Retirements Delayed by Losses, Survey Says By JEFF SOMMER February 17, 2002 Sunday NYT
Thirteen percent of investors polled recently said that they would have to delay retirement because of stock losses.
The impact was greatest for older people. More than 22 percent of respondents in the 55-to-64 age group said they would have to work longer. The proportion rose to one-fourth for those 65 and older.
International Communications Research conducted the survey from Dec. 14 to Dec. 18 for Quicken, the financial services unit of Intuit. It was based on a random sampling of 500 people who manage the investments in households with an income of more than $75,000 a year.
Almost one-third of the respondents said they had lost more than 25 percent of their savings for retirement since the market peak of March 2000. An additional 50 percent said they had lost up to 25 percent. Only 6 percent said the value of their retirement portfolios had increased.
Most people said they were adopting conservative tactics in response to losses, with forty-two percent saying they had "increased their cash positions."confidence cracking? max
About one-third used index funds or other methods to passively track the stock market and more than one-quarter expressed greater confidence in indexing than in active stock managers.
"Uncertain market conditions make it difficult for investors to know whose advice to follow," said Baie Netzer of Quicken.com. "That such a significant number of respondents are skeptical of the performance of actively managed portfolios suggests that many investors think there is limited opportunity for fund managers to beat the market."
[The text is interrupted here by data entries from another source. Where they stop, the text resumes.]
(* Assume $\operatorname{rank}(X)=n$ and that $\xi_r(\varpi^N)<1/2$ for some $r\in\{0,\ldots,N\}$; set $r^*(\varpi^N)=\max\{r\in\{0,\ldots,N\}:\xi_r(\varpi^N)<1/2\}$. Suppose there exists $\tilde A\in\mathbb{R}^{n\times s}$ with pairwise distinct columns such that $\min_{i\in\mathbb{S}}|I_i(\tilde A)|\ge s\,\nu_n(X)$ and $\|\phi(\tilde A)\|_0\le r^*(\varpi^N)$. Then $\Psi(\varpi^N)=\{\mathrm{set}(\tilde A)\}$.
   Context: Data: integers $n,s,N\ge1$ and a dataset $\varpi^N=((x_1,y_1),\ldots,(x_N,y_N))$ with $x_t\in\mathbb{R}^n$, $y_t\in\mathbb{R}$; $X=[x_1\ \cdots\ x_N]\in\mathbb{R}^{n\times N}$. Let $\mathbb{T}=\{1,\ldots,N\}$, $\mathbb{S}=\{1,\ldots,s\}$. For $A=[a_1\ \cdots\ a_s]\in\mathbb{R}^{n\times s}$, $\mathrm{set}(A)=\{a_1,\ldots,a_s\}$; $\sigma_A:\mathbb{T}\to\mathbb{S}$ is a switching signal satisfying $\sigma_A(t)\in\arg\min_{i\in\mathbb{S}}|y_t-x_t^\top a_i|$ for all $t$, selected uniquely by a fixed rule depending only on $A$ and the data (among all admissible choices, one maximizing $\min_{i}|I_i(A)|$, ties then broken by assigning the smallest admissible index). $I_i(A)=\{t\in\mathbb{T}:\sigma_A(t)=i\}$. $\phi(A)=\big(y_1-x_1^\top a_{\sigma_A(1)},\ldots,y_N-x_N^\top a_{\sigma_A(N)}\big)^\top$, $\mathcal{J}(A)=\|\phi(A)\|_1=\sum_t\min_i|y_t-a_i^\top x_t|$, and $\phi_{\mathcal{T}}(A)$ its subvector indexed by $\mathcal{T}\subset\mathbb{T}$. $\|w\|_0$ is the number of nonzero entries. The LSM estimator is $\Psi(\varpi^N)=\{\mathrm{set}(\hat A):\hat A\in\arg\min_{A\in\mathbb{R}^{n\times s}}\mathcal{J}(A)\}$. The $r$-th concentration ratio is $$\xi_r(\varpi^N)=\sup\Big\{\frac{\|\phi_{\mathcal{T}}(A)-\phi_{\mathcal{T}}(A')\|_1}{\|\phi(A)-\phi(A')\|_1}: A,A'\in\mathbb{R}^{n\times s},\ \mathcal{T}\subset\mathbb{T},\ \phi(A)\ne\phi(A'),\ |\mathcal{T}|\le r\Big\}.$$ Genericity index: for $\operatorname{rank}(X)=n$, $\nu_n(X)$ is the smallest integer $m$ such that every submatrix $X_{\mathcal{S}}$ formed by $m$ columns of $X$ ($\mathcal{S}\subset\mathbb{T}$, $|\mathcal{S}|=m$) has rank $n$. *)

From HB Require Import structures.
From mathcomp Require Import all_boot all_order all_algebra.
From mathcomp Require Import classical_sets reals.

Set Implicit Arguments.
Unset Strict Implicit.
Unset Printing Implicit Defensive.

Import Order.TTheory GRing.Theory Num.Theory.
Local Open Scope ring_scope.

Section LSM.
Variables (R : realType) (n s N : nat).
(* Data: X = [x_1 ... x_N] (column t of X is x_t), y = (y_1,...,y_N). *)
Variables (X : 'M[R]_(n, N)) (y : 'rV[R]_N).

Definition res (A : 'M[R]_(n, s)) (t : 'I_N) (i : 'I_s) : R :=
  y 0 t - \sum_(k < n) X k t * A k i.

Definition admissible (A : 'M[R]_(n, s)) (f : {ffun 'I_N -> 'I_s}) : bool :=
  [forall t, forall i, `|res A t (f t)| <= `|res A t i|].

(* min_i |I_i| for a signal f (default N is >= every count, so for s >= 1
   this is the true minimum) *)
Definition min_card (f : {ffun 'I_N -> 'I_s}) : nat :=
  \big[minn/N]_(i < s) #|[set t | f t == i]|.

Definition optimal (A : 'M[R]_(n, s)) (f : {ffun 'I_N -> 'I_s}) : bool :=
  admissible A f &&
  [forall g : {ffun 'I_N -> 'I_s}, admissible A g ==> (min_card g <= min_card f)%N].

(* base-s code of f, with f(first index) the most significant digit:
   comparing codes = lexicographic comparison of (f t_1, ..., f t_N) *)
Definition lex_code (f : {ffun 'I_N -> 'I_s}) : nat :=
  (\sum_(t < N) f t * s ^ (N.-1 - t))%N.

Definition chosen (A : 'M[R]_(n, s)) (f : {ffun 'I_N -> 'I_s}) : bool :=
  optimal A f &&
  [forall g : {ffun 'I_N -> 'I_s}, optimal A g ==> (lex_code f <= lex_code g)%N].

(* sigma_A ; it is [Some _] whenever s >= 1 *)
Definition sigma (A : 'M[R]_(n, s)) : option {ffun 'I_N -> 'I_s} :=
  [pick f | chosen A f].

Definition sigma_at (A : 'M[R]_(n, s)) (t : 'I_N) : option 'I_s :=
  omap (fun f : {ffun 'I_N -> 'I_s} => f t) (sigma A).

Definition Iset (A : 'M[R]_(n, s)) (i : 'I_s) : {set 'I_N} :=
  [set t | sigma_at A t == Some i].

(* phi(A) (the [None] branch never occurs when s >= 1) *)
Definition phi (A : 'M[R]_(n, s)) (t : 'I_N) : R :=
  match sigma_at A t with Some i => res A t i | None => y 0 t end.

Definition J (A : 'M[R]_(n, s)) : R := \sum_(t < N) `|phi A t|.

Definition norm0 (w : 'I_N -> R) : nat := #|[set t | w t != 0]|.

Definition colset (A : 'M[R]_(n, s)) : set 'cV[R]_n :=
  range (fun i : 'I_s => col i A).

Definition Psi : set (set 'cV[R]_n) :=
  [set S | exists Ahat : 'M[R]_(n, s),
     (forall A : 'M[R]_(n, s), J Ahat <= J A) /\ S = colset Ahat]%classic.

Definition xi (r : nat) : R :=
  sup [set q : R | exists (A A' : 'M[R]_(n, s)) (T : {set 'I_N}),
        phi A <> phi A' /\ (#|T| <= r)%N /\
        q = (\sum_(t in T) `|phi A t - phi A' t|) /
            (\sum_(t < N) `|phi A t - phi A' t|)]%classic.

Definition rstar : nat := \max_(r < N.+1 | (xi r < 1 / 2)%R) r.

Definition good_m (m : nat) : bool :=
  [forall S : {set 'I_N}, (#|S| == m) ==>
     (\rank (colsub (fun j : 'I_#|S| => enum_val j) X) == n)].

(* genericity index nu_n(X): the smallest such m (N is one when rank X = n) *)
Definition nu : nat := (\big[minn/N]_(m < N.+1 | good_m m) m)%N.

End LSM.

From HB Require Import structures.
From mathcomp Require Import all_boot all_order all_algebra.
From mathcomp Require Import classical_sets reals.
From mathcomp Require Import lra zify.
Set Implicit Arguments.
Unset Strict Implicit.
Unset Printing Implicit Defensive.

Import Order.TTheory GRing.Theory Num.Theory.
Local Open Scope ring_scope.

(* Let b = phi(Atil), supported on T with |T| <= r^*, and
       let a = phi(A) for another A.  Since xi_{r^*} < 1/2, the difference
       d = a - b puts less than half of its l1-mass on T; an elementary
       l1 estimate (l1_support_decrease) then gives ||b||_1 < ||a||_1
       whenever a <> b.  Hence Atil minimizes J, and every minimizer Ahat
       satisfies phi(Ahat) = phi(Atil).
   (2) Identification.  If phi(Ahat) = phi(Atil), then for each i the
       s*nu(X) samples of I_i(Atil) are split among the s modes of Ahat, so
       some mode j receives at least nu(X) of them (pigeonhole_class); on
       these samples x_t^T (a_i - ahat_j) = 0, and by definition of nu(X)
       this forces a_i = ahat_j (genericity_kernel).  Distinctness of the
       columns of Atil turns i |-> j into a bijection, so set(Ahat) = set(Atil). *)

Lemma pigeonhole_class (N s m : nat) (G : {set 'I_N}) (f : 'I_N -> 'I_s) :
  (0 < s)%N -> (s * m <= #|G|)%N ->
  exists j, (m <= #|[set t in G | f t == j]|)%N.
Proof.
move=> s_gt0 hG; apply/existsP; apply: contraLR hG => /existsPn small.
rewrite -ltnNge.
have cardG : #|G| = (\sum_(j < s) #|[set t in G | f t == j]|)%N.
  rewrite -sum1_card (partition_big f xpredT) //=.
  by apply: eq_bigr => j _; rewrite -sum1_card; apply: eq_bigl => t; rewrite inE.
have m_gt0 : (0 < m)%N.
  by move: (small (Ordinal s_gt0)); rewrite -ltnNge; apply: leq_ltn_trans.
have : (#|G| <= \sum_(j < s) m.-1)%N.
  by rewrite cardG; apply: leq_sum => j _; move: (small j); rewrite -ltnNge; lia.
rewrite sum_nat_const card_ord => /leq_ltn_trans; apply.
by rewrite ltn_pmul2l //; lia.
Qed.

(* A partial l1 sum never exceeds the full one, so their ratio is at most 1
   (with the convention x / 0 = 0). *)
Lemma partial_l1_ratio_le1 (R : realFieldType) (N : nat) (T : {set 'I_N})
    (f : 'I_N -> R) :
  (\sum_(t in T) `|f t|) / (\sum_(t < N) `|f t|) <= 1.
Proof.
have partial_le : \sum_(t in T) `|f t| <= \sum_(t < N) `|f t|.
  by rewrite big_mkcond /=; apply: ler_sum => t _; case: ifP.
have [->|nz] := eqVneq (\sum_(t < N) `|f t|) 0; first by rewrite invr0 mulr0.
have pos : 0 < \sum_(t < N) `|f t| by rewrite lt0r nz sumr_ge0.
by rewrite ler_pdivrMr // mul1r.
Qed.

(* Pointwise |a_t| >= |b_t| + |d_t| - 2 [t in T] |d_t| with d = a - b. *)
Lemma l1_support_decrease (R : realFieldType) (N : nat) (T : {set 'I_N})
    (a b : 'I_N -> R) :
  (forall t, t \notin T -> b t = 0) ->
  2 * \sum_(t in T) `|a t - b t| < \sum_(t < N) `|a t - b t| ->
  \sum_(t < N) `|b t| < \sum_(t < N) `|a t|.
Proof.
move=> supp conc; set d := fun t => a t - b t.
have pointwise t :
    `|b t| + `|d t| - 2 * (if t \in T then `|d t| else 0) <= `|a t|.
  case: ifPn => tT.
  - have : `|b t| <= `|a t| + `|d t|.
      by have := ler_normB (a t) (a t - b t); rewrite opprB addrC subrK.
    lra.
  - by rewrite /d supp // subr0 normr0 mulr0 subr0 add0r.
have : \sum_(t < N) (`|b t| + `|d t| - 2 * (if t \in T then `|d t| else 0))
         <= \sum_(t < N) `|a t| by apply: ler_sum => t _; exact: pointwise.
rewrite sumrB big_split /= -mulr_sumr -big_mkcond /=; lra.
Qed.

Lemma full_row_rank_kernel (F : fieldType) (n p : nat) (M : 'M[F]_(n, p))
    (v : 'cV[F]_n) :
  \rank M = n -> (forall j, \sum_(k < n) M k j * v k 0 = 0) -> v = 0.
Proof.
move=> rkM orth; have freeM : row_free M by rewrite /row_free rkM.
have : v^T *m M == 0.
  apply/eqP/matrixP => i j; rewrite !mxE -[RHS](orth j).
  by apply: eq_bigr => k _; rewrite !mxE mulrC (ord1 i).
by rewrite mulmx_free_eq0 // => /eqP vT0; rewrite -(trmxK v) vT0 trmx0.
Qed.

Section Identifiability.
Variables (R : realType) (n s N : nat).
Variables (X : 'M[R]_(n, N)) (y : 'rV[R]_N).
Hypothesis s_gt0 : (0 < s)%N.

(* The switching signal is always defined: an admissible signal exists
   (pointwise argmin), hence an optimal one (argmax of min_card), hence a
   chosen one (argmin of lex_code). *)
Lemma sigma_some (A : 'M[R]_(n, s)) : exists f, sigma X y A = Some f.
Proof.
pose i0 : 'I_s := Ordinal s_gt0.
pose f0 : {ffun 'I_N -> 'I_s} :=
  [ffun t => extremum (fun a b : R => a <= b) i0 xpredT
               (fun i => `|res X y A t i|)].
have adm0 : admissible X y A f0.
  apply/forallP => t; apply/forallP => i; rewrite ffunE.
  case: extremumP => // [a b c|a b|j _ Hj]; [exact: le_trans|exact: le_total|].
  exact: Hj.
pose f1 := fintype.arg_max f0 (admissible X y A) (@min_card s N).
have opt1 : optimal X y A f1.
  rewrite /f1; case: arg_maxnP => // g adm_g gmax.
  by apply/andP; split=> //; apply/forallP => h; apply/implyP; exact: gmax.
pose f2 := fintype.arg_min f1 (optimal X y A) (@lex_code s N).
have ch2 : chosen X y A f2.
  rewrite /f2; case: arg_minnP => // g opt_g gmin.
  by apply/andP; split=> //; apply/forallP => h; apply/implyP; exact: gmin.
rewrite /sigma; case: pickP => [f _|none]; first by exists f.
by move: (none f2); rewrite ch2.
Qed.

Lemma signal_spec (A : 'M[R]_(n, s)) : exists f : {ffun 'I_N -> 'I_s},
  (forall t, phi X y A t = res X y A t (f t)) /\
  (forall i, Iset X y A i = [set t | f t == i]).
Proof.
have [f sig] := sigma_some A; exists f; split=> [t|i].
  by rewrite /phi /sigma_at sig.
by apply/setP => t; rewrite !inE /sigma_at sig.
Qed.

Lemma ratio_le_xi (r : nat) (A A' : 'M[R]_(n, s)) (T : {set 'I_N}) :
  phi X y A <> phi X y A' -> (#|T| <= r)%N ->
  (\sum_(t in T) `|phi X y A t - phi X y A' t|) /
    (\sum_(t < N) `|phi X y A t - phi X y A' t|) <= xi s X y r.
Proof.
move=> neq cardT; apply: ub_le_sup; last by exists A, A', T.
by exists 1 => q [A1 [A2 [T1 [_ [_ ->]]]]]; exact: partial_l1_ratio_le1.
Qed.

Lemma cost_strict_decrease (r : nat) (Atil A : 'M[R]_(n, s)) :
  xi s X y r < 1 / 2 -> (norm0 (phi X y Atil) <= r)%N ->
  phi X y A <> phi X y Atil -> J X y Atil < J X y A.
Proof.
move=> xi_small sparse neq.
set a := phi X y A; set b := phi X y Atil; pose T := [set t | b t != 0].
have [t0 diff0] : exists t0, a t0 - b t0 != 0.
  apply/existsP; apply: contra_notT neq => /existsPn same.
  by apply: boolp.funext => t; apply/eqP; rewrite -subr_eq0 -[_ == _]negbK.
have mass_pos : 0 < \sum_(t < N) `|a t - b t|.
  by rewrite (bigD1 t0) //= ltr_pwDl ?normr_gt0 // sumr_ge0.
have := le_lt_trans (ratio_le_xi (T := T) neq sparse) xi_small.
rewrite ltr_pdivrMr // => conc.
apply: (l1_support_decrease (T := T)) => [t|]; first by rewrite inE negbK => /eqP.
lra.
Qed.

Lemma nu_spec : (nu X == N) || good_m X (nu X).
Proof.
rewrite /nu; apply: (big_ind (fun m => (m == N) || good_m X m)).
- by rewrite eqxx.
- by move=> a b ? ?; rewrite /minn; case: ifP.
- by move=> i ->; rewrite orbT.
Qed.

Lemma genericity_kernel (G : {set 'I_N}) (v : 'cV[R]_n) :
  \rank X = n -> (nu X <= #|G|)%N ->
  (forall t, t \in G -> \sum_(k < n) X k t * v k 0 = 0) -> v = 0.
Proof.
move=> rkX bigG orth; case/orP: nu_spec => [/eqP nuN | good].
  have GT : G = [set: 'I_N]%SET.
    by apply/eqP; rewrite eqEcard finset.subsetT cardsT card_ord; rewrite nuN in bigG.
  by apply: (full_row_rank_kernel rkX) => j; apply: orth; rewrite GT inE.
pose S := [set t in take (nu X) (enum G)].
have cardS : #|S| = nu X.
  have -> : #|S| = #|take (nu X) (enum G)| by apply: eq_card => t; rewrite inE.
  have /card_uniqP -> : uniq (take (nu X) (enum G)) by rewrite take_uniq ?enum_uniq.
  by rewrite size_takel // -cardE.
have SG t : t \in S -> t \in G by rewrite inE => /mem_take; rewrite mem_enum.
have /eqP rkS := implyP (forallP good S) (introT eqP cardS).
apply: (full_row_rank_kernel rkS) => j.
under eq_bigr do rewrite mxE.
by apply/orth/SG/enum_valP.
Qed.

Lemma colset_of_phi_eq (Atil Ahat : 'M[R]_(n, s)) :
  \rank X = n ->
  (forall i j : 'I_s, i != j -> col i Atil != col j Atil) ->
  (forall i : 'I_s, (s * nu X <= #|Iset X y Atil i|)%N) ->
  phi X y Ahat = phi X y Atil -> colset Ahat = colset Atil.
Proof.
move=> rkX distinct classes same_phi.
have [f [phiA _]] := signal_spec Ahat.
have [g [phiT IsetT]] := signal_spec Atil.
have matched i : exists j, col i Atil = col j Ahat.
  have [j big_j] := pigeonhole_class f s_gt0 (classes i).
  exists j; apply/eqP; rewrite -subr_eq0; apply/eqP.
  apply: (genericity_kernel rkX big_j) => t.
  rewrite inE IsetT inE => /andP[/eqP gt /eqP ft].
  have := congr1 (fun F => F t) same_phi.
  rewrite /= phiA phiT ft gt /res => eq_res.
  have same_fit : \sum_(k < n) X k t * Ahat k j = \sum_(k < n) X k t * Atil k i.
    by lra.
  transitivity (\sum_(k < n) X k t * Atil k i - \sum_(k < n) X k t * Ahat k j).
    by rewrite -sumrB; apply: eq_bigr => k _; rewrite !mxE mulrBr.
  by rewrite same_fit subrr.
pose h i := odflt i [pick j | col i Atil == col j Ahat].
have colh i : col i Atil = col (h i) Ahat.
  rewrite /h; case: pickP => [j /eqP //|none].
  by have [j hj] := matched i; move: (none j); rewrite hj eqxx.
have h_inj : injective h.
  by move=> i1 i2 e; apply/eqP; apply: contraT => /distinct; rewrite !colh e eqxx.
have [hinv hK1 hK2] := injF_bij h_inj.
apply/seteqP; split => x [j _ <-].
  by exists (hinv j) => //; rewrite colh hK2.
by exists (h j) => //; rewrite colh.
Qed.

End Identifiability.

Lemma xi_rstar (R : realType) (n s N : nat) (X : 'M[R]_(n, N)) (y : 'rV[R]_N) :
  (exists r : nat, (r <= N)%N /\ xi s X y r < 1 / 2) ->
  xi s X y (rstar s X y) < 1 / 2.
Proof.
move=> [r [r_le xi_r]]; rewrite /rstar.
have [|i0 hi0 ->] := @eq_bigmax_cond _ [pred r : 'I_N.+1 | xi s X y r < 1 / 2]
                       (fun r => nat_of_ord r); last by move: hi0; rewrite inE.
by apply/card_gt0P; exists (Ordinal (r_le : (r < N.+1)%N)); rewrite inE.
Qed.

Theorem theorem1 (R : realType) (n s N : nat)
  (X : 'M[R]_(n, N)) (y : 'rV[R]_N)
  (hn : (1 <= n)%N) (hs : (1 <= s)%N) (hN : (1 <= N)%N)
  (hrank : \rank X = n)
  (hxi : exists r : nat, (r <= N)%N /\ xi s X y r < 1 / 2)
  (Atil : 'M[R]_(n, s))
  (hdist : forall i j : 'I_s, i != j -> col i Atil != col j Atil)
  (hcard : forall i : 'I_s, (s * nu X <= #|Iset X y Atil i|)%N)
  (hsparse : (norm0 (phi X y Atil) <= rstar s X y)%N) :
  Psi s X y = [set colset Atil]%classic.
Proof.
have decrease := cost_strict_decrease (xi_rstar hxi) hsparse.
have Atil_min (A : 'M[R]_(n, s)) : J X y Atil <= J X y A.
  case: (boolp.pselect (phi X y A = phi X y Atil)) => [same|neq].
    by rewrite /J same.
  exact/ltW/decrease.
apply/seteqP; split => S /=; last by move->; exists Atil; split.
case=> Ahat [Ahat_min ->].
apply: (colset_of_phi_eq hs hrank hdist hcard).
case: (boolp.pselect (phi X y Ahat = phi X y Atil)) => [//|neq].
by move: (decrease _ neq); rewrite ltNge Ahat_min.
Qed.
A Call for Fund Vigilance John C. Bogle, the founder of the Vanguard Group, says he believes that the mutual fund industry should become more active in ensuring that corporations are properly governed.
In a speech last week before the New York Society of Security Analysts, Mr. Bogle said, "The fund industry has helped to create the overheated financial environment of the recent era" and ought to solve some of the problems. He proposed the creation of a "Federation of Long- term Investors," with companies that run index mutual funds, like Vanguard, as its nucleus.
He said mutual funds had contributed to the making of a marketplace focused on short-term stock prices, not on the long- term creation of value for shareholders. A consequence, he said, is the "pervasive debasement of accounting standards," including the widespread use of pro forma earnings that are not easily decipherable by investors.
Mr. Bogle blamed a variety of groups for allowing corporate standards to flag, including the New York Stock Exchange, corporate directors, the Association for Investment Management and Research and securities analysts.